Table I Comparison of the throughput gain.

|             | •                                            |                                       |  |  |  |
|-------------|----------------------------------------------|---------------------------------------|--|--|--|
| Parallelism | Throughput gain with the<br>algorithm in [8] | Throughput gain<br>with our algorithm |  |  |  |
| (1, 1)      | 1.23                                         | 1.5                                   |  |  |  |
| (1, 2)      | 1.26                                         | 1.73                                  |  |  |  |
| (2, 2)      | 1.2                                          | 1.5                                   |  |  |  |
| (2, 4)      | 1.26                                         | 1.71                                  |  |  |  |
| (4, 4)      | 1.21                                         | 1.5                                   |  |  |  |
| (4, 8)      | 1.25                                         | 1.7                                   |  |  |  |

#### **5. CONCLUSIONS**

In this paper, we have proposed a new LDPC scheduling algorithm for enhancing the throughput by utilizing the property of the overlapped message passing architecture. The proposed scheduling algorithm in this work is suitable for all kinds of LDPC codes. By applying the scheduling algorithm, we can achieve about 60% higher throughput gain in average compared with non-OMP architecture. The scheduling algorithm for LDPC codes will not cause any performance degradation when decoding.

#### 6. REFERENCES

[1] R. G. Galleger, "Low density parity check codes," *IRE Trans. Info. Theory*, vol. IT-8, pp. 21-28, 1962.

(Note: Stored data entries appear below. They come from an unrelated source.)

Lemma ler_dnormB (f g : V -> R) : is_dual N f -> is_dual N g ->
  dnorm N (f \- g) <= dnorm N f + dnorm N g.
Proof.
move=> fd gd; have := dnorm_lincomb 1 (-1) fd gd; rewrite normrN normr1 !mul1r.
by congr (_ <= _); congr dnorm; apply: funext => x /=; rewrite mul1r mulN1r.
Qed.

Lemma dual_ball_normalize (f : V -> R) c : is_dual N f -> dnorm N f <= c ->
  dual_ball N (fun x => c^-1 * f x) /\ forall x, c * (c^-1 * f x) = f x.
Proof.
move=> fd fc; have c0 : 0 <= c := le_trans (is_dual_dnorm_ge0 fd) fc.
split; last first.
  move=> x; have [c_eq0|c_neq0] := eqVneq c 0; last by rewrite mulrA mulfV ?mul1r.
  rewrite c_eq0 mul0r; apply/esym/eqP; rewrite -normr_le0.
  apply: le_trans (ler_dnormM fd x) _.
  by rewrite mulr_le0_ge0 ?N_ge0 // -c_eq0.
split; first exact: is_dualZ.
apply: dnorm_le => x Nx1; rewrite normrM ger0_norm ?invr_ge0 //.
have [->|c_neq0] := eqVneq c 0; first by rewrite invr0 mul0r.
rewrite ler_pdivrMl ?lt_neqAle 1?eq_sym ?c_neq0 // mulr1.
exact: le_trans (ler_dnorm fd Nx1) fc.
Qed.

Lemma dual_nonpos_eq0 (f : V -> R) : is_dual N f ->
  (forall w, N w <= 1 -> f w <= 0) -> forall x, f x = 0.
Proof.
move=> fd f_le0; have f_dnorm0 : dnorm N f <= 0.
  apply: dnorm_le => x x1; rewrite ler_norml f_le0 // andbT lerNl -(dualN fd).
  by rewrite f_le0 // normlikeN.
move=> x; apply/eqP; rewrite -normr_le0; apply: le_trans (ler_dnormM fd x) _.
by rewrite mulr_le0_ge0.
Qed.

Lemma dual_ball0 : dual_ball N (fun=> 0).
Proof.
split; last by apply: dnorm_le => x _; rewrite normr0.
by split=> [a u v|]; [rewrite mulr0 addr0 | exists 0 => x; rewrite normr0 mul0r].
Qed.

Lemma dnorm_ivt (f psi : V -> R) : is_dual N f -> is_dual N psi ->
  dnorm N f < 1 -> 1 + dnorm N f < dnorm N psi ->
  exists2 t, 0 <= t <= 1 &
    is_dual N (fun x => f x + t * psi x) /\ dnorm N (fun x => f x + t * psi x) = 1.
Proof.
move=> fd psid f_lt1 psi_gt.
pose F t := dnorm N (fun x => 1 * f x + t * psi x).
have Fd t : is_dual N (fun x => 1 * f x + t * psi x) := is_dual_lincomb 1 t fd psid.
have F_le s t : F s <= F t + `|s - t| * dnorm N psi.
  have := dnorm_lincomb 1 (s - t) (Fd t) psid; rewrite normr1 mul1r.
  suff -> : (fun x => 1 * (1 * f x + t * psi x) + (s - t) * psi x) =
    fun x => 1 * f x + s * psi x by [].
  by apply: funext => x; ring.
have F_lip s t : `|F s - F t| <= dnorm N psi * `|s - t|.
  by rewrite ler_norml; have := F_le s t; have := F_le t s; rewrite (distrC t s); lra.
have F0 : F 0 = dnorm N f.
  by rewrite /F; congr dnorm; apply: funext => x; rewrite mul1r mul0r addr0.
have F1 : dnorm N psi <= F 1 + dnorm N f.
  have := dnorm_lincomb 1 (-1) (Fd 1) fd; rewrite normr1 normrN normr1 !mul1r.
  suff -> : (fun x => 1 * (1 * f x + 1 * psi x) + -1 * f x) = psi by [].
  by apply: funext => x; ring.
have [t t01 Ft] : exists2 t, t \in `[0, 1] & F t = 1.
  apply: IVT; first exact: ler01.
    exact/continuous_subspaceT/(lipschitz_continuous (is_dual_dnorm_ge0 psid) F_lip).
  by rewrite ge_min le_max F0 (ltW f_lt1) /=; apply/orP; right; lra.
have gE : (fun x => 1 * f x + t * psi x) = fun x => f x + t * psi x.
  by apply: funext => x; rewrite mul1r.
by exists t; [move: t01; rewrite in_itv | rewrite -gE; split].
Qed.

Lemma dual_ball_diam_le2 (f g : V -> R) : dual_ball N f -> dual_ball N g ->
  dnorm N (f \- g) <= 2.
Proof.
move=> [fd f1] [gd g1]; apply: le_trans (ler_dnormB fd gd) _.
by rewrite -[2]/(1 + 1); apply: lerD.
Qed.

End DualNorm.

Lemma seq_margin (T : eqType) (R : realType) (s : seq T) (F : T -> R) e :
  (forall x, x \in s -> F x < e) ->
  exists2 d, 0 < d & forall x, x \in s -> F x + d <= e.
Proof.
elim: s => [|a s IHs] Fe; first by exists 1.
have [d d_gt0 Fd] : exists2 d, 0 < d & forall x, x \in s -> F x + d <= e.
  by apply: IHs => x xs; apply: Fe; rewrite in_cons xs orbT.
have Fa : F a < e by apply: Fe; rewrite in_cons eqxx.
exists (Num.min d (e - F a)); first by rewrite lt_min d_gt0 subr_gt0.
move=> x; rewrite in_cons => /orP[/eqP->|xs].
  by rewrite -lerBrDl ge_min lexx orbT.
by apply: le_trans (Fd x xs); rewrite lerD2l ge_min lexx.
Qed.

Lemma seq_ubound (T : eqType) (R : realType) (s : seq T) (F : T -> R) :
  exists2 M, 0 <= M & forall x, x \in s -> F x <= M.
Proof.
elim: s => [|a s [M M0 FM]]; first by exists 0.
exists (Num.max M (F a)); first by rewrite le_max M0.
move=> x; rewrite in_cons => /orP[/eqP->|xs]; first by rewrite le_max lexx orbT.
by rewrite le_max FM.
Qed.

Section WeakStarOpen.
Context (R : realType) (V : lmodType R) (N : V -> R).

Lemma wstar_nbhd_open (f : V -> R) (s : seq V) e :
  wstar_rel_open N [set g | dual_ball N g /\ forall x, x \in s -> `|g x - f x| < e].
Proof.
split; first by move=> g [].
move=> g [gB gs]; have [d d_gt0 gd] := seq_margin gs.
exists s, d; split => // k [kB ks]; split => // x xs.
apply: lt_le_trans (gd x xs).
rewrite -(subrK (g x) (k x)) -addrA addrC; apply: le_lt_trans (ler_normD _ _) _.
by rewrite addrC ltrD2l ks.
Qed.

Lemma wstar_slice_open (x0 : V) c :
  wstar_rel_open N [set g | dual_ball N g /\ c < g x0].
Proof.
split; first by move=> g [].
move=> g [gB gc]; exists [:: x0], (g x0 - c); split; first by rewrite subr_gt0.
move=> k [kB /(_ x0)]; rewrite mem_head => /(_ isT) kx0; split => //.
by move: kx0; rewrite ltr_norml => /andP[+ _]; lra.
Qed.

Lemma wstar_openI (W1 W2 : set (V -> R)) :
  wstar_rel_open N W1 -> wstar_rel_open N W2 -> wstar_rel_open N (W1 `&` W2).
Proof.
move=> [W1B W1o] [_ W2o]; split; first by move=> g [/W1B].
move=> g [/W1o [s1 [e1 [e1_gt0 sub1]]] /W2o [s2 [e2 [e2_gt0 sub2]]]].
exists (s1 ++ s2), (Num.min e1 e2); split; first by rewrite lt_min e1_gt0.
move=> k [kB ks]; split; [apply: sub1|apply: sub2]; split => // x xs;
  apply: lt_le_trans (ks x _) _; rewrite ?mem_cat ?xs ?orbT // ge_min lexx ?orbT //.
Qed.

Lemma wstar_d2p_far : normlike N -> wstar_d2p N ->
  forall W f, wstar_rel_open N W -> W f -> forall d, 0 < d ->
  exists g1 g2 x, [/\ W g1, W g2, N x <= 1 & 2 - d < g1 x - g2 x].
Proof.
move=> Nn d2p W f Wo Wf d d_gt0; have := d2p W Wo (ex_intro _ f Wf).
rewrite /dual_diam => diam2.
have : 2 - d < sup [set r | exists f g, W f /\ W g /\ r = dnorm N (f \- g)].
  by rewrite diam2 ltrBlDr ltrDl.
move/sup_gt => []; first by exists (dnorm N (f \- f)), f, f.
move=> _ [g1 [g2 [Wg1 [Wg2 ->]]]].
move/(dnorm_gt Nn (is_dualB Nn (Wo.1 _ Wg1).1 (Wo.1 _ Wg2).1)) => [x [x1 far]].
by exists g1, g2, x; split.
Qed.

Lemma wstar_d2p_intro : normlike N ->
  (forall W f, wstar_rel_open N W -> W f -> forall d, 0 < d ->
    exists g1 g2, [/\ W g1, W g2 & 2 - d <= dnorm N (g1 \- g2)]) ->
  wstar_d2p N.
Proof.
move=> Nn far W Wo [f Wf]; rewrite /dual_diam.
have diam_le2 : ubound [set r | exists f g, W f /\ W g /\ r = dnorm N (f \- g)] 2.
  by move=> _ [g1 [g2 [Wg1 [Wg2 ->]]]]; exact: dual_ball_diam_le2 (Wo.1 _ Wg1) (Wo.1 _ Wg2).
apply/eqP; rewrite eq_le; apply/andP; split.
  by apply: ge_sup => //; exists (dnorm N (f \- f)), f, f.
apply/ler_addgt0Pr => d d_gt0; have [g1 [g2 [Wg1 Wg2 gd]]] := far W f Wo Wf d d_gt0.
rewrite -lerBlDr; apply: le_trans gd _.
by apply: ub_le_sup; [exists 2 | exists g1, g2].
Qed.

End WeakStarOpen.

Section WeakStarPullback.
Context (R : realType) (V1 V2 : lmodType R) (N1 : V1 -> R) (N2 : V2 -> R).
Variables (Phi : (V1 -> R) -> (V2 -> R)) (pi : V2 -> V1) (c : R) (G : V2 -> R).
Hypothesis PhiE : forall u z, Phi u z = c * u (pi z) + G z.
Hypothesis Phi_ball : forall u, dual_ball N1 u -> dual_ball N2 (Phi u).

Lemma wstar_open_pullback (W : set (V2 -> R)) : wstar_rel_open N2 W ->
  wstar_rel_open N1 [set u | dual_ball N1 u /\ W (Phi u)].
Proof.
move=> [WB Wo]; split; first by move=> u [].
move=> u [uB /Wo [s [e [e_gt0 sub]]]].
have c1_gt0 : 0 < `|c| + 1 by rewrite ltr_wpDl.
exists (map pi s), (e / (`|c| + 1)); split; first by rewrite divr_gt0.
move=> g [gB gs]; split => //; apply: sub; split; first exact: Phi_ball.
move=> z zs; rewrite !PhiE opprD addrACA subrr addr0 -mulrBr normrM.
apply: (le_lt_trans (y := `|c| * (e / (`|c| + 1)))).
  by apply: ler_wpM2l => //; apply/ltW/gs/map_f.
by rewrite mulrA ltr_pdivrMr // mulrC ltr_pM2l // ltrDl.
Qed.

End WeakStarPullback.

(* [pnorm2 p u v] is the l_p norm of (u, v) for u, v >= 0; the case -oo is junk. *)
Definition pnorm2 (R : realType) (p : \bar R) (u v : R) : R :=
  match p with
  | +oo%E => Num.max u v
  | (r%:E)%E => (u `^ r + v `^ r) `^ r^-1
  | -oo%E => 0
  end.

Lemma psum_normE (R : realType) (X Y : normedModType R) p z :
  psum_norm X Y p z = pnorm2 p `|z.1| `|z.2|.
Proof. by case: p. Qed.

Section PNorm2.
Context (R : realType) (p : \bar R).
Hypothesis p_ge1 : (1%:E <= p)%E.

Let exponent_gt0 (r : R) : (1%:E <= r%:E)%E -> 0 < r.
Proof. by rewrite lee_fin; apply: lt_le_trans ltr01. Qed.

Lemma pnorm2_ge0 u v : 0 <= u -> 0 <= v -> 0 <= pnorm2 p u v.
Proof.
by case: p p_ge1 => [r||] //= _ u0 v0; [exact: powR_ge0 | rewrite le_max u0].
Qed.

Lemma pnorm2_u0 u : 0 <= u -> pnorm2 p u 0 = u.
Proof.
case: p p_ge1 => [r /exponent_gt0 r0|_|] //= u0; last by rewrite max_l.
by rewrite powR0 ?gt_eqF // addr0 -powRrM mulfV ?gt_eqF // powRr1.
Qed.

Lemma pnorm2_0v v : 0 <= v -> pnorm2 p 0 v = v.
Proof.
case: p p_ge1 => [r /exponent_gt0 r0|_|] //= v0; last by rewrite max_r.
by rewrite powR0 ?gt_eqF // add0r -powRrM mulfV ?gt_eqF // powRr1.
Qed.

Lemma pnorm2M s u v : 0 <= s -> 0 <= u -> 0 <= v ->
  pnorm2 p (s * u) (s * v) = s * pnorm2 p u v.
Proof.
case: p p_ge1 => [r /exponent_gt0 r0|_|] //= s0 u0 v0; last first.
  by have [uv|/ltW vu] := leP u v; [rewrite !max_r | rewrite !max_l]; rewrite ?ler_wpM2l.
rewrite !powRM // -mulrDr powRM ?addr_ge0 ?powR_ge0 //.
by rewrite -powRrM mulfV ?gt_eqF // powRr1.
Qed.

Lemma ler_pnorm2 u u' v v' : 0 <= u -> 0 <= v -> u <= u' -> v <= v' ->
  pnorm2 p u v <= pnorm2 p u' v'.
Proof.
case: p p_ge1 => [r /exponent_gt0 r0|_|] //= u0 v0 uu' vv'; last first.
  by rewrite ge_max !le_max uu' vv' orbT.
have powr_le a b : 0 <= a -> a <= b -> a `^ r <= b `^ r.
  by move=> a0 ab; apply: ge0_ler_powR; rewrite ?nnegrE ?(ltW r0) // (le_trans a0).
apply: ge0_ler_powR; rewrite ?invr_ge0 ?nnegrE ?addr_ge0 ?powR_ge0 ?(ltW r0) //.
by apply: lerD; apply: powr_le.
Qed.

Lemma pnorm2_ge_l u v : 0 <= u -> 0 <= v -> u <= pnorm2 p u v.
Proof. by move=> u0 v0; rewrite -{1}(pnorm2_u0 u0) ler_pnorm2. Qed.

Lemma pnorm2_ge_r u v : 0 <= u -> 0 <= v -> v <= pnorm2 p u v.
Proof. by move=> u0 v0; rewrite -{1}(pnorm2_0v v0) ler_pnorm2. Qed.

End PNorm2.

Definition pnorm2_dual_ball (R : realType) (p : \bar R) (a b : R) :=
  forall s t, 0 <= s -> 0 <= t -> a * s + b * t <= pnorm2 p s t.

Section PSumNorm.
Context (R : realType) (X Y : normedModType R) (p : \bar R).
Hypothesis p_ge1 : (1%:E <= p)%E.
Local Notation N := (psum_norm X Y p).

Lemma psum_norm_ge0 z : 0 <= N z.
Proof. by rewrite psum_normE pnorm2_ge0. Qed.

Lemma psum_normZ (a : R) z : N (a *: z) = `|a| * N z.
Proof. by rewrite !psum_normE /= !normrZ pnorm2M. Qed.

Lemma psum_norm_ge_fst z : `|z.1| <= N z.
Proof. by rewrite psum_normE pnorm2_ge_l. Qed.

Lemma psum_norm_ge_snd z : `|z.2| <= N z.
Proof. by rewrite psum_normE pnorm2_ge_r. Qed.

Lemma psum_norm_eq0 z : N z = 0 -> z = 0.
Proof.
case: z => x y Nz; have := psum_norm_ge_fst (x, y); have := psum_norm_ge_snd (x, y).
by rewrite Nz /= !normr_le0 => /eqP-> /eqP->.
Qed.

Lemma psum_norm_x0 x : N (x, 0) = `|x|.
Proof. by rewrite psum_normE /= normr0 pnorm2_u0. Qed.

Lemma psum_norm_0y y : N (0, y) = `|y|.
Proof. by rewrite psum_normE /= normr0 pnorm2_0v. Qed.

Lemma normlike_psum : normlike N.
Proof. by split; [exact: psum_norm_ge0 | exact: psum_normZ | exact: psum_norm_eq0]. Qed.

End PSumNorm.

Section ProductDual.
Context (R : realType) (X Y : normedModType R).

Definition dfst (h : X * Y -> R) : X -> R := fun x => h (x, 0).
Definition dsnd (h : X * Y -> R) : Y -> R := fun y => h (0, y).
Definition dsum (a : R) (u : X -> R) (b : R) (v : Y -> R) : X * Y -> R :=
  fun z => a * u z.1 + b * v z.2.

Variable p : \bar R.
Hypothesis p_ge1 : (1%:E <= p)%E.
Local Notation N := (psum_norm X Y p).
Local Notation NX := (fun x : X => `|x|).
Local Notation NY := (fun y : Y => `|y|).
Let N_normlike := normlike_psum X Y p_ge1.

Section Restriction.
Variable h : X * Y -> R.
Hypothesis h_dual : is_dual N h.

Lemma is_dual_dfst : is_dual NX (dfst h).
Proof.
split => [a x x'|]; last first.
  by exists (dnorm N h) => x; rewrite -(psum_norm_x0 Y p_ge1) (ler_dnormM N_normlike).
rewrite /dfst; have -> : ((a *: x + x', 0) : X * Y) = a *: (x, 0) + (x', 0).
  by apply/eqP; rewrite xpair_eqE /= ?scaler0 ?addr0 ?add0r !eqxx.
by rewrite (dualD h_dual) (dualZ h_dual).
Qed.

[2] D. J. C. MacKay and R. M. Neal, "Near Shannon limit performance of low-density parity check codes," *Electron. Lett.*, vol. 32, p. 1645, 1996.

[3] S. Chung, D. Forney, T. Richardson, and R. Urbanke, "On the design of low-density parity-check codes within 0.0045 db of the Shannon limit," *IEEE Comm. Letters*, vol. 5, pp. 58-60, Feb. 2001.

[4] Y. Chen, K. K. Parhi, "Overlapped message passing for quasicyclic low-density parity check codes," *IEEE Trans. Circuits and Systems*, vol. 51, pp. 1106-1113, Jun. 2004.

[5] Y. Dai and Z. Yan, "Optimal Overlapped Message Passing Decoding for Quasi-Cyclic Low-Density Parity-Check Codes," in *Proc. Global Telecomun. Conf. (Globecom)*, vol. 4, pp. 2395-2399, Dec. 2005.

[6] Daesun Oh, Parhi K.K., "Efficient Highly-Parallel Decoder Architecture for Quasi-Cyclic Low-Density Parity-Check Codes," *IEEE International Symposium on Circuits and Systems*, 2007.

[7] Chen N., Dai Y., Yan Z., "Partly Parallel Overlapped Sum-Product Decoder Architectures for Quasi-Cyclic LDPC Codes," *IEEE Workshop on Signal Processing Systems Design and Implementation*, pp.220-225, Oct. 2006.

[8] I. Park and S. Kang, "Scheduling Algorithm for Partially Parallel Architecture of LDPC Decoder by Matrix Permutation," in *Proc. IEEE Int. Symp. on Circuits and Systems (ISCAS)*, vol. 6, pp. 5778--5781, May 2005.